There was a window in one of the offices I went to for treatment that I constantly gazed out of. Outside of this window was a bird feeder, and on that bird feeder were birds. During treatment, I lay on my back and watched those birds: cardinals, ravens, titmice, downy, hairy, andred-bellied woodpeckers – and European starlings, too – all flitting about, calling, cawing, and competing for food. You know, birds being birds.
This avian display was precisely what I needed. This energy, this primal life force, was exactly what Lyme disease had stolen from me. Over many months, the birds gradually restored my self-confidence and my will to live. Those birds reminded me of who I had been, and who I could become. I have a full life to live ahead of me! I believe in those birds on the birdfeeder, calling, cawing, and competing for food. And because of them, I once again believe in myself.
Make Room for Silence, Hannah Kwasman
Classrooms, work places, city streets, and restaurants are filled with noise. The clicking of a pen, the ticking of a clock, out of tune brakes screeching to a halt, and forks clanking on plates make up the noise that people are accustomed to in every day life. Distractions come from every direction as sound upon sound is layered on top of one another. The noise of the fan barely drones out the noise of your neighbor’s dog, which is only interrupted by the buzzing of your phone on the table and the notification noise of an outgoing email. To focus solely on one task is nearly impossible in today’s day in age. I believe in silence.
The muffled sound after a recent snowfall. The sound of my footsteps beating against the forest trail. The sound of a paddle dipping just beneath the surface of a still lake. This is my escape from the noise of every day life. The outdoors; time spent in nature. A time spent away from the constant clicking, ticking, beeping and screeching that is so hard not to hear.

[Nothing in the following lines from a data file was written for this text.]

(* Let x_v run over the m n rows of m mutually unbiased weighing
   matrices of order n and weight k.  Two rows of the same matrix have inner
   product k or 0, two rows of different matrices have inner product 0 or
   +-sqrt k, so sum_(v,w) <x_v, x_w>^4 is an explicit function of m: it is the
   squared norm of the 4-tensor F = sum_v x_v^(x)4.  By Cauchy-Schwarz,
   <F, Z>^2 <= |F|^2 |Z|^2 for the test tensor
     Z = al (d_ab d_cd + d_ac d_bd + d_ad d_bc) - be d_abcd,
   and <F, Z> only involves the row norms and the entries of the matrices.
   For n = 16, k = 9, al = 8, be = 9 this inequality reads m (15 - m) >= 0.
   Lower bound: weighing matrices W1, W2 of weight q^2 are unbiased as soon as
   every entry of W1 W2^T lies in {0, q, -q}; an explicit family of 15 matrices
   of order 16 and weight 9 with this property is checked by computation. *)

Lemma sum_cauchy_schwarz (R : realDomainType) (T : finType) (f g : T -> R) :
  (\sum_i f i * g i) ^+ 2 <= (\sum_i f i ^+ 2) * (\sum_i g i ^+ 2).
Proof.
set P := \sum_i f i * g i; set F := \sum_i f i ^+ 2; set G := \sum_i g i ^+ 2.
have [G0 | G_neq0] := eqVneq G 0.
  have g0 i : g i = 0.
    by apply/eqP; rewrite -sqrf_eq0; apply/eqP/(psumr_eq0P _ G0) => // j _; rewrite sqr_ge0.
  by rewrite /P big1 ?expr0n ?G0 ?mulr0 // => i _; rewrite g0 mulr0.
have G_gt0 : 0 < G by rewrite lt_def G_neq0 sumr_ge0 // => i _; rewrite sqr_ge0.
have : 0 <= \sum_i (G * f i - P * g i) ^+ 2 by rewrite sumr_ge0 // => i _; rewrite sqr_ge0.
have -> : \sum_i (G * f i - P * g i) ^+ 2 = G * (F * G - P ^+ 2).
  have expand i : (G * f i - P * g i) ^+ 2 =
      G ^+ 2 * f i ^+ 2 - 2 * G * P * (f i * g i) + P ^+ 2 * g i ^+ 2 by ring.
  rewrite (eq_bigr _ (fun i _ => expand i)) big_split sumrB /= -!mulr_sumr -/F -/G -/P.
  ring.
by rewrite pmulr_rge0 // subr_ge0 mulrC.
Qed.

I have always been the quiet one in my family. Perhaps it is because I like sitting aside listening to and observing others, or perhaps it is because I’ve always had my older brother absorbing the spot light. Maybe it is because I have found that my most meaningful experiences have been ones where the ringing of a phone or the honking of a horn does not interrupt my thoughts. Although absolute silence does not exist, quiet spaces are essential in absorbing experience and learning from one’s surroundings. Silence gives perspective. It gives room not only for observations and critical thinking, but also for meditation and random ponderings. It gives room for me.

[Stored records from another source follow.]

Lemma nonpoles_le_witness A B q : polestar_spec A -> polestar_spec B -> sps_le A B -> q \in nonpoles B ->
  exists2 p, p \in nonpoles A & p.1 \subset q.1.
Proof.
move=> hA hB hle; rewrite inE => /andP [qB npq].
have [x xq] := set0Pn _ (ps_block_neq0 hB qB).
have [r rA xr] := ps_cover hA x.
have [q' q'B s'] := le_block_sub hA hB hle rA.
have e : q' = q by apply: (ps_block_uniq hB q'B qB (subsetP s' _ xr) xq).
subst q'.
case: (boolP (is_pole A r.1)) => pr; last by exists r => //; rewrite inE rA pr.
case/is_poleP: pr => [s sA [ne e]].
case: (classic (exists2 q0, q0 \in B & q0.2 = s.2)) => [[q0 q0B e0]|nq].
  exfalso; have HB : (q0.2, set0) \in B by apply: (ps_pole_mem hB) => //; rewrite e0.
  have e1 : (q0.2, set0) = q by apply: (ps_block_uniq hB HB qB _ xq); rewrite /= e0 e.
  move/negP: npq; apply; apply/is_poleP; exists q0 => //; split; first by rewrite e0.
  by rewrite -e1.
have nq' : forall q1, q1 \in B -> q1.2 != s.2.
  by move=> q1 q1B; apply/eqP => e1; apply: nq; exists q1.
have [q'' q''B s''] := le_star_dropped hB hle sA ne nq'.
have xs2 : x \in s.2 by rewrite e.
have e2 : q'' = q by apply: (ps_block_uniq hB q''B qB _ xq); apply: (subsetP s''); rewrite inE xs2 orbT.
subst q''; exists s; first by rewrite inE sA (star_nonpole hA sA ne).
exact: subset_trans (subsetUl _ _) s''.
Qed.

Lemma card_nonpoles_le A B : polestar_spec A -> polestar_spec B -> sps_le A B ->
  #|nonpoles B| <= #|nonpoles A|.
Proof.
move=> hA hB hle.
pose g q := odflt q [pick p in nonpoles A | p.1 \subset q.1].
have gP : forall q, q \in nonpoles B -> g q \in nonpoles A /\ (g q).1 \subset q.1.
  move=> q qN; rewrite /g; case: pickP => [p /andP [pN ps]|none] //=.
  by exfalso; have [p pN ps] := nonpoles_le_witness hA hB hle qN; move: (none p); rewrite pN ps.
have inj : {in nonpoles B &, injective g}.
  move=> q q' qN q'N e.
  have [gN gs] := gP _ qN; have [_ gs'] := gP _ q'N.
  have [x xg] := set0Pn _ (ps_block_neq0 hA (subsetP (nonpoles_sub A) _ gN)).
  move: qN q'N; rewrite !inE => /andP [qB _] /andP [q'B _].
  apply: (ps_block_uniq hB qB q'B (subsetP gs _ xg)); rewrite -e in gs'; exact: (subsetP gs' _ xg).
rewrite -(card_in_imset inj); apply: subset_leq_card; apply/subsetP => y /imsetP [q qN ->].
by case: (gP _ qN).
Qed.

Lemma pole_pair_neq_nonpole A p X : is_pole A X -> ~~ is_pole A p.1 -> (X, set0) != p.
Proof. by move=> pX npp; apply/eqP => e; move: npp; rewrite -e /= pX. Qed.

Definition nonpole_step A B C :=
  [/\ polestar_spec C, sps_le A C, sps_le C B & #|nonpoles C| + 1 = #|nonpoles A|].

Section Merge.
Variable A : sps T.
Hypothesis hA : polestar_spec A.
Variables p1 p2 : setpair T.
Hypotheses (p1A : p1 \in A) (p2A : p2 \in A) (p12 : p1 != p2) (e1 : p1.2 = set0)
  (np1 : ~~ is_pole A p1.1) (np2 : ~~ is_pole A p2.1).

Definition merge_pair := (p1.1 :|: p2.1, p2.2).
Definition merge_sys := merge_pair |: (A :\: [set p1; p2]).

Lemma merge_sysP r : r \in merge_sys -> r = merge_pair \/ [/\ r \in A, r != p1 & r != p2].
Proof.
rewrite !inE => /orP [/eqP -> | /andP [] ]; first by left.
by rewrite negb_or => /andP [a b] c; right.
Qed.

Lemma merge_sys_old r : r \in A -> r != p1 -> r != p2 -> r \in merge_sys.
Proof. by move=> rA a b; rewrite !inE negb_or rA a b orbT. Qed.

Lemma merge_pair_mem : merge_pair \in merge_sys.
Proof. by rewrite !inE eqxx. Qed.

Lemma merge_blocks_disjoint : [disjoint p1.1 & p2.1].
Proof. exact: (ps_blocks_disjoint hA p1A p2A p12). Qed.

Lemma merge_block_new q : q \in A -> q.1 != merge_pair.1.
Proof.
move=> qA; apply/eqP => e.
have [x xp] := set0Pn _ (ps_block_neq0 hA p1A).
have xq : x \in q.1 by rewrite e /= inE xp.
have s : p2.1 \subset p1.1 by rewrite -(ps_block_uniq hA qA p1A xq xp) e subsetUr.
by apply: (nonempty_disjoint_subsetF (ps_block_neq0 hA p2A) _ s); rewrite disjoint_sym merge_blocks_disjoint.
Qed.

Lemma merge_pair_notin : merge_pair \notin A.
Proof. by apply/negP => /merge_block_new; rewrite eqxx. Qed.

Lemma merge_pair_nonpole : ~~ is_pole A merge_pair.1.
Proof. by apply/negP => /(pole_mem hA) /merge_block_new; rewrite eqxx. Qed.

Lemma merge_pair_neq r : r \in A -> r != merge_pair.
Proof. by move=> rA; apply: contraNN merge_pair_notin => /eqP <-. Qed.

Whether I decide to wake up early on a weekend and get first tracks on the mountain, or simply choose to go for a run through the woods, my time spent in nature is my time to be silent. I opt out of being “plugged-in” and leave my headphones at home. The sound of ripping through powder, my footsteps on the trail, and my own laborious breathing are the only soundtrack I need. In a world filled with noise, I make room for silence.